Brief
Repeat word for word the line with "- exact: lpdist_xx." and every line after it until the records below run out.

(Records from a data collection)

▬▬▬▬▬▬▬▬▬▬

(* Let $T$ be a tree and $\alpha\ne\beta\in V(T)$, and let $\gamma_0=\alpha,\gamma_1,\dots,\gamma_{k-1},\gamma_k=\beta$ be the successive vertices of the unique minimal path in $T$ from $\alpha$ to $\beta$. Then inside $\mathsf L_T$, the Euclidean spaces $\mathsf L_T(\alpha)$ and $\mathsf L_T(\beta)$ are glued along closed quadrants, where a point $\{x_\gamma(\alpha)\}$ of $\mathsf L_T(\alpha)$ is identified with a point $\{x_\gamma(\beta)\}$ of $\mathsf L_T(\beta)$ whenever $$x_{\gamma_1}(\alpha)=x_\alpha(\beta),\ x_{\gamma_2}(\alpha)=x_{\gamma_1}(\beta),\ \dots,\ x_{\gamma_{k-1}}(\alpha)=x_{\gamma_{k-2}}(\beta),\ x_\beta(\alpha)=x_{\gamma_{k-1}}(\beta)\ge0,$$ and $x_\gamma(\alpha)=x_\gamma(\beta)$ for all $\gamma\notin\{\alpha,\gamma_1,\dots,\gamma_{k-1},\beta\}$.
   Context: A tree is a nonempty finite connected acyclic graph with vertex set $V(T)$ and edge set $E(T)$ (two-element subsets of $V(T)$). Arboreal singularity: for $\alpha\in V(T)$ let $\mathsf L_T(\alpha)=\mathbb R^{V(T)\setminus\{\alpha\}}$ with coordinates $x_\gamma(\alpha)$, $\gamma\ne\alpha$; $\mathsf L_T$ is the quotient of $\coprod_{\alpha\in V(T)}\mathsf L_T(\alpha)$ by the equivalence relation generated by the $\{\alpha,\beta\}$-edge gluings, for $\{\alpha,\beta\}\in E(T)$: $\{x_\gamma(\alpha)\}\sim\{x_\gamma(\beta)\}$ whenever $x_\beta(\alpha)=x_\alpha(\beta)\ge0$ and $x_\gamma(\alpha)=x_\gamma(\beta)$ for all $\gamma\ne\alpha,\beta$. *)

From mathcomp Require Import all_boot.
From Stdlib Require Import Reals.
From Stdlib Require Relations.
Set Implicit Arguments. Unset Strict Implicit. Unset Printing Implicit Defensive.

Definition simple_graph (V : finType) (e : rel V) : Prop :=
  symmetric e /\ irreflexive e.

Definition is_tree (V : finType) (e : rel V) : Prop :=
  [/\ simple_graph e,
      (0 < #|V|)%N,
      (forall x y : V, connect e x y) &
      (forall (x : V) (s : seq V),
          uniq (x :: s) -> (2 <= size s)%N -> path e x s -> ~~ e (last x s) x)].

(* s = [:: g_1; ...; g_k] such that a = g_0, g_1, ..., g_k = b is a path of
   minimal length from a to b. *)
Definition is_min_path (V : finType) (e : rel V) (a b : V) (s : seq V) : Prop :=
  [/\ path e a s, last a s = b &
      forall s' : seq V, path e a s' -> last a s' = b -> (size s <= size s')%N].

(* Chart L_T(a) = R^(V \ {a}) ; points of the disjoint union. *)
Definition chart (V : finType) (a : V) : Type := {v : V | v != a} -> R.
Definition Lpt (V : finType) : Type := {a : V & chart a}.

(* coordinate x_g(a) of x : chart a, for g != a (value 0 at g = a, unused). *)
Definition coord (V : finType) (a : V) (x : chart a) (g : V) : R :=
  match insub g with Some u => x u | None => 0%R end.

Definition edge_glue (V : finType) (e : rel V) (p q : Lpt V) : Prop :=
  let: existT a x := p in let: existT b y := q in
  [/\ e a b, coord x b = coord y a, (0 <= coord x b)%R &
      forall g : V, g != a -> g != b -> coord x g = coord y g].

(* The equivalence relation generated by the edge gluings; L_T is the
   quotient of Lpt V by it. *)
Definition Lequiv (V : finType) (e : rel V) : Lpt V -> Lpt V -> Prop :=
  Relation_Operators.clos_refl_sym_trans (Lpt V) (@edge_glue V e).

Definition pt (V : finType) (a : V) (x : chart a) : Lpt V :=
  existT (fun c => chart c) a x.

(* Root the tree at b and let depth c be the distance from c to b. Every vertex c <> b
   has a neighbour one level closer to b; acyclicity makes it unique, since two such
   neighbours together with their own ways down to b would close a cycle. Pushing a point
   of L_T(c) across the edges c -> parent c -> ... -> b, as long as each crossing meets
   its sign condition, gives a normal form in L_T(b) or fails. An edge gluing is always
   such a push or the inverse of one, so the normal form is an invariant of the
   equivalence relation, and every point is equivalent to its normal form. Along the
   minimal path from a to b the pushes shift the coordinates by one place along the path,
   which is exactly the gluing in the statement. *)

From mathcomp Require Import all_boot.
From Stdlib Require Import Reals.
From Stdlib Require Relations.
From Stdlib Require Import Relation_Operators.
From Stdlib Require Import FunctionalExtensionality.
Set Implicit Arguments. Unset Strict Implicit. Unset Printing Implicit Defensive.

Section Crossing.
Variable V : eqType.
Implicit Types (c d w : V) (s : seq V) (f g : V -> R).

(* Transition map of the {c,d}-edge gluing from L_T(c) to L_T(d), on coordinate
   functions V -> R that vanish at the chart's own vertex. *)
Definition cross c d f : V -> R :=
  fun w => if w == d then 0%R else if w == c then f d else f w.

Lemma cross_other c d f w : w != c -> w != d -> cross c d f w = f w.
Proof. by move=> /negPf wc /negPf wd; rewrite /cross wc wd. Qed.

Lemma cross_in c d f s : c \notin s -> d \notin s -> {in s, cross c d f =1 f}.
Proof.
by move=> cs ds z zs; apply: cross_other; [apply: contraNneq cs | apply: contraNneq ds] => <-.
Qed.

Lemma cross_cross c d f : c != d -> f c = 0%R -> cross d c (cross c d f) = f.
Proof.
move=> /negPf cd fc; apply: functional_extensionality => w; rewrite /cross.
case: (eqVneq w c) => [->|/negPf wc]; first by rewrite fc.
by case: (eqVneq w d) => [->|/negPf wd]; rewrite ?cd ?eqxx ?wc ?wd.
Qed.

Fixpoint cross_path c s f : V -> R :=
  if s is d :: s' then cross_path d s' (cross c d f) else f.

Fixpoint pos_path c s f : Prop :=
  if s is d :: s' then (0 <= f d)%R /\ pos_path d s' (cross c d f) else True.

Definition shifted_along c s f g : Prop :=
  [/\ forall i, i < size s -> g (nth c (c :: s) i) = f (nth c s i),
      g (last c s) = 0%R &
      forall w, w \notin c :: s -> g w = f w].

Lemma cross_path_shifted c s f :
  uniq (c :: s) -> f c = 0%R -> shifted_along c s f (cross_path c s f).
Proof.
elim: s c f => [|d s IH] c f /=; first by move=> _ fc; split=> // w.
rewrite inE negb_or -andbA => /and4P[cd cs ds us] fc.
have cross_d : cross c d f d = 0%R by rewrite /cross eqxx.
have ud : uniq (d :: s) by rewrite /= ds us.
have [IHnth IHlast IHout] := IH d (cross c d f) ud cross_d.
split=> //.
- case=> [|i] /= lt_i; first by rewrite IHout /= ?inE ?negb_or ?cd ?cs // /cross (negPf cd) eqxx.
  rewrite [nth c (d :: s) i](set_nth_default d) ?IHnth //; last exact: ltnW.
  by rewrite [nth c s i](set_nth_default d) // (cross_in f cs ds) // mem_nth.
- move=> w; rewrite !inE !negb_or => /and3P[wc wd ws].
  by rewrite IHout ?inE ?negb_or ?wd // cross_other.
Qed.
Theorem lemma4p19 (R : realType) (p : R) (N : set nat) (n : nat) (C : set (seqR R)) :
  1 <= p ->
  N `<=` [set k | (0 < k)%N] -> N !=set0 ->
  (1 < n)%N ->
  is_code (lpdist p) (Mset N) n C ->
  (forall x c, Mset N x -> ~ C x -> C c -> lpnorm p x <= lpnorm p c) ->
  optimal_code (lpdist p) (Mset N) n C /\
  unique_up_to_isometry (lpdist p) (Mset N) n C.
Proof.
move=> p_ge1 N_gt0 _; have p_gt0 : 0 < p := lt_le_trans ltr01 p_ge1.
apply: (@top_code_optimal_unique _ _ _ _ (lp_pair p)).
- exact: Mset_lpdist.
- by move=> x y; apply: powR_ge0.
- exact: lpdist_xx.
- by move=> x _; apply: powR_ge0.
- by move=> a b; rewrite /lp_pair addrC.
- exact: lp_pair_ltl.
- exact: Mset_level_le2.
Qed.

▬▬▬▬▬▬▬▬▬▬

Written response
- exact: lpdist_xx.
- by move=> x _; apply: powR_ge0.
- by move=> a b; rewrite /lp_pair addrC.
- exact: lp_pair_ltl.
- exact: Mset_level_le2.
Qed.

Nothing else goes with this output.